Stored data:

══════════════════════════════

Lemma hom_word_eval n (x : 'I_n -> G) w :
  pi (word_eval x w) = word_eval (fun i => pi (x i)) w.
Proof.
rewrite /word_eval hom_gprod -map_comp; congr gprod; apply: eq_map => -[i []] //=.
exact: homV.
Qed.

End Homomorphisms.

Section Words.
Variable n : nat.
Local Notation letter := ('I_n * bool)%type.
Local Notation word := (seq letter).

Definition inv_letter (c : letter) : letter := (c.1, ~~ c.2).

Definition inv_word (w : word) : word := map inv_letter (rev w).

Definition palindromic {T : eqType} (s : seq T) := rev s == s.

Lemma inv_letterK : involutive inv_letter.
Proof. by case=> i b; rewrite /inv_letter negbK. Qed.

Lemma inv_letter_neq c : inv_letter c != c.
Proof. by case: c => i b; rewrite /inv_letter xpair_eqE eqxx /=; case: b. Qed.

Lemma eq_inv_letterC c d : (d == inv_letter c) = (c == inv_letter d).
Proof. by rewrite -(inj_eq (inv_inj inv_letterK)) inv_letterK eq_sym. Qed.

Lemma palindromic_inv_word w : palindromic w -> palindromic (inv_word w).
Proof. by move/eqP=> w_pal; rewrite /palindromic /inv_word w_pal -map_rev w_pal. Qed.

Lemma palindromic_conj (T : eqType) (a s : seq T) :
  palindromic s -> palindromic (a ++ s ++ rev a).
Proof. by rewrite /palindromic !rev_cat revK catA => /eqP->. Qed.

Lemma rev_inv_word_rev (a : word) : rev (inv_word (rev a)) = inv_word a.
Proof. by rewrite /inv_word revK map_rev. Qed.

Lemma reducedE w : reduced w = sorted (fun c d => d != inv_letter c) w.
Proof.
elim: w => [|c [|d w] IHw] //; move: IHw => /= ->; congr andb.
by case: c d => i u [j v]; rewrite /inv_letter xpair_eqE eq_sym; case: u v => [] [].
Qed.

Lemma palindromic_cases (w : word) : palindromic w ->
  size w <= 1 \/ exists c m, palindromic m /\ w = c :: rcons m c.
Proof.
case: w => [|c t]; first by left.
case/lastP: t => [|m e]; first by left.
rewrite /palindromic rev_cons rev_rcons => /eqP[-> /rcons_inj[/eqP m_pal]].
by right; exists c, m.
Qed.

End Words.

Arguments inv_word {n} w.

Section Evaluation.
Variables (G : group) (n : nat) (x : 'I_n -> G).
Local Notation eval := (word_eval x).

Lemma eval_cat u w : eval (u ++ w) = gmul (eval u) (eval w).
Proof. by rewrite /word_eval map_cat gprod_cat. Qed.

Lemma eval_cons c w : eval (c :: w) = gmul (eval_letter x c) (eval w).
Proof. by []. Qed.

Lemma eval_rcons w c : eval (rcons w c) = gmul (eval w) (eval_letter x c).
Proof. by rewrite -cats1 eval_cat /word_eval /= mulg1. Qed.

Lemma eval_inv_letter c : eval_letter x (inv_letter c) = ginv (eval_letter x c).
Proof. by case: c => i [] /=; rewrite ?invgK. Qed.

Lemma eval_inv_word w : eval (inv_word w) = ginv (eval w).
Proof.
rewrite /word_eval invg_gprod /inv_word !map_rev -!map_comp.
by congr (gprod (rev _)); apply: eq_map => c /=; rewrite eval_inv_letter.
Qed.

Lemma eval_cancel_head c w : eval (c :: inv_letter c :: w) = eval w.
Proof. by rewrite /word_eval /= eval_inv_letter mulKVg. Qed.

Lemma eval_cancel_last w c : eval (rcons (rcons w (inv_letter c)) c) = eval w.
Proof. by rewrite !eval_rcons eval_inv_letter -gmulA gmulV mulg1. Qed.

Lemma palindrome_wrap c v : reduced v -> palindromic v ->
  palindrome x (eval (c :: rcons v c)).
Proof.
rewrite reducedE => v_red v_pal.
have [|[d [m [m_pal def_v]]]] := palindromic_cases v_pal.
  case: v {v_red v_pal} => [|d [|//]] _.
    exists [:: c; c]; rewrite reducedE /= eq_sym inv_letter_neq.
    by rewrite /palindromic /= eqxx.
  have [->|d_c] := eqVneq d (inv_letter c).
    by exists [:: c]; rewrite /= /palindromic /= eqxx eval_cancel_head.
  exists [:: c; d; c]; rewrite reducedE /= d_c -eq_inv_letterC d_c.
  by rewrite /palindromic /= eqxx.
have [d_c|d_c] := eqVneq d (inv_letter c).
  exists m; rewrite (eqP m_pal) eqxx def_v d_c eval_cancel_head eval_cancel_last.
  rewrite andbT reducedE; split=> //.
  by move: v_red; rewrite def_v /= rcons_path => /andP[/path_sorted].
exists (c :: rcons v c); split=> //.
rewrite reducedE /palindromic rev_cons rev_rcons (eqP v_pal) eqxx andbT /=.
move: v_red; rewrite def_v /= !rcons_path /= => ->.
by rewrite last_rcons d_c -eq_inv_letterC d_c.
Qed.

Lemma palindromic_palindrome w : palindromic w -> palindrome x (eval w).
Proof.
have [b] := ubnP (size w); elim: b w => // b IHb w w_size w_pal.
have [w_small | [c [m [m_pal def_w]]]] := palindromic_cases w_pal.
  exists w; rewrite (eqP w_pal) eqxx andbT.
  by split=> //; case: w w_small {w_size w_pal} => [|? []].
have m_size : size m < b by move: w_size; rewrite def_w /= size_rcons ltnS => /ltnW.
have [v [/andP[v_red v_pal] v_m]] := IHb m m_size m_pal.
by rewrite def_w eval_cons eval_rcons -v_m -eval_rcons -eval_cons; apply: palindrome_wrap.
Qed.

Lemma eval_single_generator i u : all (fun c : 'I_n * bool => c.1 == i) u ->
  exists m b, eval u = eval (nseq m (i, b)).
Proof.
elim: u => [|[j b] u IHu] /=; first by exists 0, true.
case/andP=> /eqP-> /IHu[[|m] [b' u_eq]]; rewrite eval_cons u_eq; first by exists 1, b.
have [<-|b'b] := eqVneq b' b; first by exists m.+2, b'.
exists m, b'; rewrite [nseq _ _]/= (_ : (i, b) = inv_letter (i, b')).
  by rewrite eval_inv_letter eval_cons mulKg.
by rewrite /inv_letter; case: b b'b {u_eq}; case: b'.
Qed.

Lemma palindrome_single_generator i u : all (fun c : 'I_n * bool => c.1 == i) u ->
  palindrome x (eval u).
Proof.
case/eval_single_generator=> m [b ->].
by apply: palindromic_palindrome; rewrite /palindromic rev_nseq.
Qed.

Lemma gprod_inv_words (ws : seq (seq ('I_n * bool))) :
  gprod (map eval (map inv_word (rev ws))) = ginv (gprod (map eval ws)).
Proof.
rewrite invg_gprod -map_comp -!map_rev -map_comp; congr gprod.
by apply: eq_map => w /=; rewrite eval_inv_word.
Qed.

Lemma palindrome_words (ps : seq G) :
  (forall i, i < size ps -> palindrome x (nth (gone G) ps i)) ->
  exists ws, all palindromic ws /\ map eval ws = ps.
Proof.
elim: ps => [|p ps IHps] ps_pal; first by exists [::].
have [ws [ws_pal <-]] := IHps (fun i => ps_pal i.+1).
have [w [/andP[_ w_pal] /= <-]] := ps_pal 0 isT.
by exists (w :: ws); rewrite /= ws_pal andbT.
Qed.

Lemma pw_le_palindromic_words m :
  (forall g, exists ws, [/\ all palindromic ws, size ws <= m & gprod (map eval ws) = g]) ->
  pw_le x m.
Proof.
move=> ws_of g; have [ws [ws_pal ws_size <-]] := ws_of g.
exists (map eval ws); rewrite size_map; split=> //; split=> // i i_lt.
rewrite (nth_map [::]) //; apply: palindromic_palindrome.
exact: (allP ws_pal _ (mem_nth _ i_lt)).
Qed.

End Evaluation.

Section DerivedSubgroup.
Variable G : group.
Implicit Types a b : G.

Lemma in_derived1 : in_derived (gone G).
Proof. by exists [::]. Qed.

Lemma in_derivedM a b : in_derived a -> in_derived b -> in_derived (gmul a b).
Proof.
by move=> [s <-] [t <-]; exists (s ++ t); rewrite /comm_prod map_cat gprod_cat.
Qed.

Lemma in_derived_comm a b : in_derived (comm a b).
Proof. by exists [:: (a, b)]; rewrite /comm_prod /= mulg1. Qed.

Lemma comm_mull_central a z b : central z -> comm (gmul a z) b = comm a b.
Proof.
move=> z_central; rewrite {1}/comm invMg -!gmulA (z_central b).
rewrite [gmul (ginv a) _](_ : _ = gmul (comm a b) z); last by rewrite /comm -!gmulA.
by rewrite -z_central mulKg.
Qed.

End DerivedSubgroup.

Section Abelianization.
Variables (G : group) (n : nat) (x : 'I_n -> G).
Local Notation letter := ('I_n * bool)%type.
Local Notation eval := (word_eval x).

Definition generator_block (i : 'I_n) (w : seq letter) := [seq c <- w | c.1 == i].

Lemma in_derived_split_filter (p : pred letter) w :
  in_derived (gmul (ginv (gmul (eval (filter p w)) (eval (filter (predC p) w)))) (eval w)).
Proof.
elim: w => [|c w IHw] /=; first by rewrite /word_eval /= gmul1 invg1 gmul1; apply: in_derived1.
case: (p c) => /=; rewrite !eval_cons; first by move: IHw; gsimpl.
set F := eval (filter p w); set R := eval (filter (predC p) w); set C := eval_letter x c.
(* the letter c is moved past F at the cost of one commutator *)
have -> : gmul (ginv (gmul F (gmul C R))) (gmul C (eval w)) =
    gmul (comm (gmul (ginv R) (gmul C R)) (gmul (ginv R) (gmul F R)))
         (gmul (ginv (gmul F R)) (eval w)) by rewrite /comm; gsimpl.
exact: in_derivedM (in_derived_comm _ _) IHw.
Qed.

══════════════════════════════

◆ Directions ◆
Repeat exactly the lines above, starting with the first line of the records and finishing with the line holding "Lemma palindromic_conj (T". Add no other line.

◆ Output of the exercise ◆
Lemma hom_word_eval n (x : 'I_n -> G) w :
  pi (word_eval x w) = word_eval (fun i => pi (x i)) w.
Proof.
rewrite /word_eval hom_gprod -map_comp; congr gprod; apply: eq_map => -[i []] //=.
exact: homV.
Qed.

End Homomorphisms.

Section Words.
Variable n : nat.
Local Notation letter := ('I_n * bool)%type.
Local Notation word := (seq letter).

Definition inv_letter (c : letter) : letter := (c.1, ~~ c.2).

Definition inv_word (w : word) : word := map inv_letter (rev w).

Definition palindromic {T : eqType} (s : seq T) := rev s == s.

Lemma inv_letterK : involutive inv_letter.
Proof. by case=> i b; rewrite /inv_letter negbK. Qed.

Lemma inv_letter_neq c : inv_letter c != c.
Proof. by case: c => i b; rewrite /inv_letter xpair_eqE eqxx /=; case: b. Qed.

Lemma eq_inv_letterC c d : (d == inv_letter c) = (c == inv_letter d).
Proof. by rewrite -(inj_eq (inv_inj inv_letterK)) inv_letterK eq_sym. Qed.

Lemma palindromic_inv_word w : palindromic w -> palindromic (inv_word w).
Proof. by move/eqP=> w_pal; rewrite /palindromic /inv_word w_pal -map_rev w_pal. Qed.

Lemma palindromic_conj (T : eqType) (a s : seq T) :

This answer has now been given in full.